La Cour constitutionnelle a donné dans un arrêt du 20 janvier 2010 (C. Const., 20 janvier 2010, n° 1/2010), qui a donné de la disposition une interprétation large quant àde son champ d’application. Celui-ci ne couvre pas uniquement la décision initiale mais également des erreurs commises par l’institution de sécurité sociale suite à une modification de la situation de l’assuré social. La cour fait sienne cette jurisprudence, rappelant également que la disposition ne vise pas les « décisions initiales » mais simplement les « décisions ». Est ainsi couverte la situation où l’institution de sécurité sociale n’a pas adapté le montant des prestations sociales versées suite à une modification de la situation familiale. Elle conclut que l’article 17 peut trouver à s’appliquer. à la présente cause.
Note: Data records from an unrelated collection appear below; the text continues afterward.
Lemma Gr_one_Gr_inf_not_iso (N N' : nat) (G G' : zmodType) (p : G -> R)
    (p' : G' -> R) (f : G -> G') (g : G' -> G) :
  N' <> 1%N -> is_Gr r_one N p -> is_Gr r_inf N' p' ->
  (forall x y, f (x + y) = f x + f y) -> cancel g f -> val_continuous p p' f ->
  False.
Proof.
move=> N'1 Gp [[p'v _] [G2' _]] fD gK fc.
have [B fB] := Gr_one_continuous_bounded Gp p'v fD fc.
have [y By] := G2_inf_unbounded N'1 p'v G2' B.
by have := fB (g y); rewrite gK; lra.
Qed.

Theorem corollary5p8 (r r' : radius) (N N' : nat)
    (hN : N <> 1%N) (hN' : N' <> 1%N)
    (G G' : zmodType) (p : G -> R) (p' : G' -> R) :
  is_Gr r N p -> is_Gr r' N' p' ->
  top_group_isomorphic p p' ->
  r = r' /\ N = N'.
Proof.
move=> Gp Gp' [f [g [fK [gK [fD [fc gc]]]]]].
have gD := cancel_additive fD fK gK.
split.
- case: r Gp; case: r' Gp' => // Gp' Gp; exfalso.
  + exact: Gr_one_Gr_inf_not_iso hN' Gp Gp' fD gK fc.
  + exact: Gr_one_Gr_inf_not_iso hN Gp' Gp gD fK gc.
- have EN := Gr_exact_exponent Gp; have EN' := Gr_exact_exponent Gp'.
  apply/eqP; rewrite eqn_dvd; apply/andP; split; apply: exact_exponent_dvdn.
  + exact: EN'.
  + exact: exact_exponent_iso fD fK gK EN.
  + exact: EN.
  + exact: exact_exponent_iso gD gK fK EN'.
Qed.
En ce qui concerne les obligations de la personne handicapée, l’article 20bis de l’arrêté royal du 22 mai 2003 prévoit que celle-ci est dispensée de communiquer au Service des éléments nouveaux lorsqu’il s’agit de modifications aux informations visées à l’article 3, alinéa 1er, de la loi du 8 août 1983 organisant le registre national des personnes physiques (pour autant que ceci ait été signalé à l’administration communale) ainsi que tout nouvel élément (si celui-ci a déjà été communiqué à une autre institution de sécurité sociale).
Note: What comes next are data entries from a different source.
(* Let $n\ge1$, $0<\hat\theta<1$ with $n\hat\theta$ an integer, and $\alpha>0$ with $\alpha\le n\hat\theta^2(1-\hat\theta)^2/8$. Then there is a solution $\gamma_\alpha>0$ of $-\log P_{\mathrm{CH},n}\big(\hat\theta\,\big|\,\varphi(\gamma_\alpha,\hat\theta)\big)=\alpha$ satisfying $$\gamma_\alpha\in\sqrt{2\alpha}\left(1+\frac52\frac{\sqrt\alpha}{\sqrt{n\hat\theta(1-\hat\theta)}}[-1,1]\right)^{-1/2},$$ i.e. $\sqrt{2\alpha}\,(1+\epsilon)^{-1/2}\le\gamma_\alpha\le\sqrt{2\alpha}\,(1-\epsilon)^{-1/2}$ with $\epsilon=\frac52\sqrt\alpha/\sqrt{n\hat\theta(1-\hat\theta)}$.
   Context: Logarithms are natural. $P_{\mathrm{CH},n}(t|\varphi)=\left(\frac{\varphi}{t}\right)^{nt}\left(\frac{1-\varphi}{1-t}\right)^{n(1-t)}$ if $t\ge\varphi$, and $=1$ otherwise. With $\hat\sigma=\sqrt{\hat\theta(1-\hat\theta)/n}$, $\varphi(\gamma,\hat\theta)=\hat\theta-\hat\sigma\gamma$. *)

From Stdlib Require Import Reals.
Open Scope R_scope.

Definition P_CH (n : nat) (t phi : R) : R :=
  if Rle_dec phi t then
    Rpower (phi / t) (INR n * t) * Rpower ((1 - phi) / (1 - t)) (INR n * (1 - t))
  else 1.

Definition sigma_hat (n : nat) (theta : R) : R := sqrt (theta * (1 - theta) / INR n).

Definition varphi (n : nat) (gamma theta : R) : R := theta - sigma_hat n theta * gamma.

From Stdlib Require Import Reals Lra Psatz Ranalysis5.
From Coquelicot Require Import Coquelicot.
Open Scope R_scope.

(* Writing x = sigma_hat * gamma, -log P_CH is n times the Bernoulli divergence
   KL(theta || theta - x), which lies between x^2 / (2 theta (1 - theta + x)) and
   x^2 / (2 (1 - theta) (theta - x)).  Since n sigma_hat^2 = theta (1 - theta), this
   squeezes -log P_CH between (1 - eps) gamma^2 / 2 and (1 + eps) gamma^2 / 2 whenever x
   is small against eps theta and eps (1 - theta).  The bound on alpha makes this hold
   at gamma = sqrt (2 alpha / (1 +- eps)), and the intermediate value theorem gives a
   solution in between. *)

Definition kl_bern (t p : R) : R :=
  - (t * ln (p / t) + (1 - t) * ln ((1 - p) / (1 - t))).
La cour reprend longuement un arrêt de la Cour du travail de Liège (division Namur) du 23 juin 2015 (R.G. 2014/AN/160), arrêt particulièrement motivé traitant d’une question identique. La cour y a rappelé le caractère d’ordre public de la Charte de l’assuré social et a considéré que le fait pour le SPF de ne pas avoir tenu compte du 25e anniversaire d’un enfant alors que cette information était accessible à tout moment et de s’être abstenu de revoir immédiatement le droit à l’allocation de remplacement de revenus est constitutif d’une erreur – voire d’une faute –, le Service devant tenir compte de l’anniversaire de l’enfant et revoir le dossier sans attendre – ce qui aurait empêché la création d’un indu. La circonstance que cette décision de maintien du taux antérieur est implicite et n’a pas été notifiée est indifférente. La cour a conclu à l’absence de rétroactivité de la décision.
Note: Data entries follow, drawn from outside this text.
Lemma index_join_power (B : {group gT}) :
  A :&: H \subset B -> B \subset A -> #|B <*> H : B| = q.
Proof.
move=> sAHB sBA.
have nBH : H \subset 'N(B) := subset_trans sHP (normal_norm (nsA sBA)).
have BHI : B :&: H = A :&: H.
  by apply/eqP; rewrite eqEsubset setSI //= subsetI sAHB subsetIr.
rewrite (norm_joinEr nBH) indexMg -indexgI setIC BHI setIC indexgI.
have ntHA : #|H : A| != 1%N by rewrite indexg_eq1.
apply/(prime_nt_dvdP pr_q ntHA).
have nAH : H \subset 'N(A) := subset_trans sHP (normal_norm (nsA (subxx A))).
rewrite -indexMg -(norm_joinEr nAH) -iPA indexSg ?joing_subl //.
by rewrite join_subG sHP normal_sub ?nsA.
Qed.

Lemma joing_power_subgroup : A <*> H = P.
Proof.
have sAP := normal_sub (nsA (subxx A)).
have sAHP : A <*> H \subset P by rewrite join_subG sAP sHP.
apply/eqP; rewrite eqEcard sAHP -(Lagrange sAP) -(Lagrange (joing_subl A H)).
by rewrite index_join_power ?subsetIl ?subxx // iPA leqnn.
Qed.

Lemma index_join_cycle (B : {group gT}) (a : gT) :
  B \subset A -> a \in A -> a \notin B -> #|B <*> <[a]> : B| = p.
Proof.
move=> sBA Aa notBa.
have nBa : <[a]> \subset 'N(B).
  by rewrite cycle_subG (subsetP (sub_abelian_norm (abelem_abelian abA) sBA)).
have ord_a : #[a] = p.
  by apply: abelem_order_p abA Aa _; apply: contraNneq notBa => ->.
rewrite (norm_joinEr nBa) indexMg -indexgI prime_TIg ?cycle_subG //.
  by rewrite indexg1 -orderE.
by rewrite -orderE ord_a.
Qed.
Renvoi est également fait à un arrêt de la Cour du travail de Liège (division Neufchâteau) (C. trav. Liège (div. Neufchâteau), 12 avril 2023, R.G. 2022/AU/19), rendu également à propos de l’article 20bis de l’arrêté royal du 22 mai 2003 : dès lors que le SPF Sécurité sociale disposait des informations figurant au registre national, l’assuré social ne devait pas faire de déclaration et aucune faute ne peut lui être reprochée.

En la présente espèce, le SPF dispose d’une attestation établie par la caisse d’allocations familiales, qui contient notamment la date de naissance du fils. L’âge à laquelle il allait avoir 25 ans était donc une donnée connue. La mère a communiqué la date de naissance de son fils et n’était pas tenue de reprendre l’initiative d’une nouvelle communication quant à la date de son 25e anniversaire.

La cour confirme dès lors le jugement, la décision ne pouvant rétroagir et l’indu ne pouvant être réclamé.